In February last year, United Kingdom monthly journal Nature · Medicine reported on the fifth AIDS patient who had been cured. The 53-year-old man was diagnosed with acute myeloid leukemia in January 2011 and received a bone marrow transplant at the University Hospital in Düsseldorf, Germany, in 2013 using hematopoietic stem cells from a female donor. The AIDS patient, known as the "Düsseldorf patient", received a stem cell transplant about 10 years ago, and no active HIV virus was detected in his body four years after he stopped taking anti-HIV drugs.
▎ The London patient's name is Adam Castillejo. The New York Times reported that after more than a decade of grueling treatment and moments of despair, he chose to make his story public in March 2020, hoping to become an "ambassador of hope" for other AIDS patients.
The "Geneva patient" was the sixth patient to be reported, also undergoing a bone marrow stem cell transplant without the CCR5-delta32 mutation, which was first disclosed in 2023. It is still under observation.
CCR5 is a major entry point for HIV to attack the human body. Researchers believe that the replacement of immune cells with cells without CCR5 receptors through stem cell transplantation may be the reason why HIV does not rebound in patients after drug treatment is stopped.
Can this treatment be scaled up to more people living with HIV?
One important thing that these cured AIDS patients have in common is that when they are infected with AIDS, they also develop cancer, and most of them have leukemia. This means that if these treatments are to be scaled up, it may be necessary for people with AIDS to also be cancer patients.
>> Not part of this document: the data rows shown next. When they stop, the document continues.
(* Let $0<q<1$, let $\pi=\pi_+\oplus\pi_-$ be the spin representation of $\mathcal{A}(S^2_q)$ on $\mathcal{H}=\mathcal{H}_+\oplus\mathcal{H}_-$, and let $D|l,m\rangle_\pm=(l+\tfrac12)|l,m\rangle_\mp$. Let $B$ be the $*$-algebra generated by $\pi(\mathcal{A}(S^2_q))$ and the commutators $[D,\pi(x)]$, $x\in\mathcal{A}(S^2_q)$. Then $B\subset\mathcal{B}(\mathcal{H})$ (all these commutators are bounded), and $(\mathcal{A}(S^2_q),\mathcal{H},D)$ is a regular spectral triple of metric dimension $2$.
   Context: $\mathcal{A}(S^2_q)$ is the unital $*$-algebra generated by $a,a^*$ and $b=b^*$ with relations $ba=q^2ab$, $a^*a+b^2=1$, $q^4aa^*+b^2=q^4$. $\mathcal{H}_\pm$ each have orthonormal basis $|l,m\rangle_\pm$, $l\in\mathbb{N}+\tfrac12$, $m=-l,-l+1,\dots,l$ (vectors with indices out of range are $0$). With $[x]=(q^x-q^{-x})/(q-q^{-1})$: $\pi_\pm(a)|l,m\rangle_\pm=q^{m-l-\frac12}\frac{\sqrt{[l+m+1][l+m+2]}}{[2l+2]}|l+1,m+1\rangle_\pm-q^{m+l+\frac12}\frac{\sqrt{[l-m-1][l-m]}}{[2l]}|l-1,m+1\rangle_\pm\pm\frac{(1+q^2)q^{m-\frac12}}{[2l][2l+2]}\sqrt{[l+m+1][l-m]}\,|l,m+1\rangle_\pm$, $\pi_\pm(b)|l,m\rangle_\pm=-q^{m+1}\frac{\sqrt{[l+m+1][l-m+1]}}{[2l+2]}|l+1,m\rangle_\pm-q^{m+1}\frac{\sqrt{[l+m][l-m]}}{[2l]}|l-1,m\rangle_\pm\pm\frac{[l-m+1][l+m]-q^2[l-m][l+m+1]}{[2l][2l+2]}|l,m\rangle_\pm$; these extend to bounded $*$-representations. A spectral triple is regular if $A\cup[D,A]\subset\bigcap_j\mathrm{dom}\,\delta^j$, $\delta(T)=[|D|,T]$. Metric dimension $d$ means the singular values of $|D|^{-1}$ are of order $n^{-1/d}$ as $n\to\infty$. *)

From Stdlib Require Import Reals Lra ZArith List.
From Coquelicot Require Import Coquelicot.
Open Scope R_scope.

(** * Basis of H = H_+ (+) H_-
   A basis vector |l,m>_s is encoded by (s, n, j) : bool * Z * Z with
   s = true for "+", s = false for "-", l = n + 1/2, m = j + 1/2.
   It is a genuine basis vector iff n >= 0 and -l <= m <= l,
   i.e. 0 <= n and -(n+1) <= j <= n. *)
Definition idx : Type := (bool * Z * Z)%type.

Definition validb (i : idx) : bool :=
  let '(s, n, j) := i in
  (0 <=? n)%Z && (- (n + 1) <=? j)%Z && (j <=? n)%Z.

Definition valid (i : idx) : Prop := validb i = true.

Definition lval (n : Z) : R := IZR n + / 2.
Definition mval (j : Z) : R := IZR j + / 2.

(** Vectors: coordinate functions (only valid coordinates are meaningful);
    operators act on coordinate functions. *)
Definition V : Type := idx -> R.
Definition Op : Type := V -> V.

Definition ext (f : V) (i : idx) : R := if validb i then f i else 0.

Definition qnum (q x : R) : R := (Rpower q x - Rpower q (- x)) / (q - / q).

Definition sgn (s : bool) : R := if s then 1 else -1.

(** coefficients of pi_pm(a) |l,m> (l = n+1/2, m = j+1/2) *)
Definition A1 (q : R) (n j : Z) : R :=
  let l := lval n in let m := mval j in
  Rpower q (m - l - / 2) * sqrt (qnum q (l + m + 1) * qnum q (l + m + 2))
    / qnum q (2 * l + 2).
Definition A2 (q : R) (n j : Z) : R :=
  let l := lval n in let m := mval j in
  Rpower q (m + l + / 2) * sqrt (qnum q (l - m - 1) * qnum q (l - m))
    / qnum q (2 * l).
Definition A3 (q : R) (n j : Z) : R :=
  let l := lval n in let m := mval j in
  (1 + q ^ 2) * Rpower q (m - / 2) / (qnum q (2 * l) * qnum q (2 * l + 2))
    * sqrt (qnum q (l + m + 1) * qnum q (l - m)).
Lemma rho_w r : 1 <= r -> rho (- s * ln (U r)) = r.
Proof.
  intro hr. assert (ht : 0 <= - s * ln (U r)).
  { destruct (Rle_lt_or_eq_dec 1 r hr) as [h|<-].
    - rewrite <- (Rmult_0_r (- s)), <- ln_1, <- HU1. apply Rlt_le, w_increasing; lra.
    - rewrite HU1, ln_1. lra. }
  destruct (Hrho _ ht) as [h1 h2].
  destruct (Rtotal_order (rho (- s * ln (U r))) r) as [lt|[eq|gt]]; [exfalso | exact eq | exfalso].
  - assert (h := w_increasing _ _ h1 lt). lra.
  - assert (h := w_increasing _ _ hr gt). lra.
Qed.

Definition g_t t := gsol s (rho t) (U (rho t)) (E (rho t)).
Definition dg_t t :=
  drdt s (U (rho t)) (E (rho t)) * Derive (fun r => gsol s r (U r) (E r)) (rho t).
Definition h_t t := hsol s (rho t) (U (rho t)) (E (rho t)).
Definition dh_t t := drdt s (U (rho t)) (E (rho t)) * dhsol s (rho t) (U (rho t)) (E (rho t)).
Definition W_t t := Ws s (rho t) (U (rho t)) (E (rho t)).
Definition dW_t t := W_t t * Wrate s (rho t) (U (rho t)) (E (rho t)).

Lemma g_t_deriv t : 0 <= t -> deriv_within (fun y => 0 <= y) g_t t (dg_t t).
Proof.
  intro ht. apply (reparam_deriv (fun r => gsol s r (U r) (E r))); [exact ht|].
  apply Derive_correct, gsol_ode, Hrho, ht.
Qed.

Lemma h_t_deriv t : 0 <= t -> deriv_within (fun y => 0 <= y) h_t t (dh_t t).
Proof.
  intro ht. apply (reparam_deriv (fun r => hsol s r (U r) (E r))); [exact ht|].
  apply hsol_deriv, Hrho, ht.
Qed.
It is also necessary to find a match for the CCR5 gene mutation.
Over the years, researchers around the world have tried similar things with many other patients, but none of them have been successful. Bone marrow transplantation is also a high-risk clinical procedure, with hematopoietic stem cell transplantation itself carrying a 15% risk of death, even in the modern already highly optimized bone marrow transplant process.
At the same time, not all CCR5Δ32/Δ32 hematopoietic stem cell transplants are curable. In February this year, the University of Illinois at Chicago (UIC) reported a case of rapid rebound of the virus and treatment failure after 2 months of discontinuation of CCR5Δ32/Δ32 stem cell transplantation.
Therefore, the very high-risk CCR5Δ32/Δ32 HSCT (hematopoietic stem cell) transplant is not the best cure for HIV. It is believed that there will continue to be cases of HIV cures in the future. However, more research is needed to apply to a wider range of people living with HIV/AIDS.